The calibration dataset must be organized into folders corresponding to the model’s input nodes. Each folder name must exactly match the name of a model input node. Inside each folder, place the calibration files for that input. These files must be NumPy arrays (.npy) that are already preprocessed and ready for use.

The expected folder structure is:

inputX/
  - image1.npy
  - image2.npy
inputY/
  - image1.npy
  - image2.npy
  - image3.npy

Package the folders into a single ZIP file before uploading.

Steps:

  1. In the left navigation menu, click Datasets > Upload Dataset.

  2. Select the Calibration Dataset tab at the top of the upload form.

  3. Enter a descriptive Dataset Name (for example, kws_calib).

  4. Drag and drop the calibration ZIP file into the upload area, or click to browse and select the file.

  5. Once the file uploads successfully (a green checkmark appears), click Upload Dataset.
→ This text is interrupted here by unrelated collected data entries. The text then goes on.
Lemma ReD x y : Re (x + y) = Re x + Re y. Proof. by case: x; case: y. Qed.
Lemma ImD x y : Im (x + y) = Im x + Im y. Proof. by case: x; case: y. Qed.
Lemma ReN x : Re (- x) = - Re x. Proof. by case: x. Qed.
Lemma ImN x : Im (- x) = - Im x. Proof. by case: x. Qed.
Lemma ReM x y : Re (x * y) = Re x * Re y - Im x * Im y.
Proof. by case: x; case: y. Qed.
Lemma ImM x y : Im (x * y) = Re x * Im y + Im x * Re y.
Proof. by case: x; case: y. Qed.
Lemma Re_conj x : Re (x^*)%C = Re x. Proof. by case: x. Qed.
Lemma Im_conj x : Im (x^*)%C = - Im x. Proof. by case: x. Qed.

Lemma Re_sum n (F : 'I_n -> R[i]) : Re (\sum_j F j) = \sum_j Re (F j).
Proof. by elim/big_ind2: _ => // x a y b <- <-; exact: ReD. Qed.
Lemma Im_sum n (F : 'I_n -> R[i]) : Im (\sum_j F j) = \sum_j Im (F j).
Proof. by elim/big_ind2: _ => // x a y b <- <-; exact: ImD. Qed.

Lemma complex_eq x y : Re x = Re y -> Im x = Im y -> x = y.
Proof. by case: x; case: y => /= a b c e -> ->. Qed.

End ComplexParts.

Section Coordinates.
Context {R : realType} {d : nat}.
Local Notation V := 'cV[R[i]]_d.
Implicit Types (x y : V) (w : 'I_d -> R) (f : R -> R) (a h : R).

Lemma Re_RtoC a : Re (RtoC a) = a. Proof. by []. Qed.
Lemma Im_RtoC a : Im (RtoC a) = 0. Proof. by []. Qed.

Definition ReImE := (ReD, ImD, ReN, ImN, ReM, ImM, Re_conj, Im_conj, Re_RtoC, Im_RtoC).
After uploading, you are redirected to the Dataset Detail page where you can review the dataset information, view the included files, and download or delete the dataset.

Upload Validation Dataset

The Validation Dataset in eIQ AI Hub is used to benchmark the accuracy of ML models. AI Hub supports accuracy benchmarking for Image Classification models and Object Detection models. Before accuracy benchmarking, users must create a validation dataset.

Upload Classification Dataset

Upload local dataset grouped by label

For classification tasks, datasets can be organized with images grouped by label. This is a common format where images are organized in folders, with each folder representing a class.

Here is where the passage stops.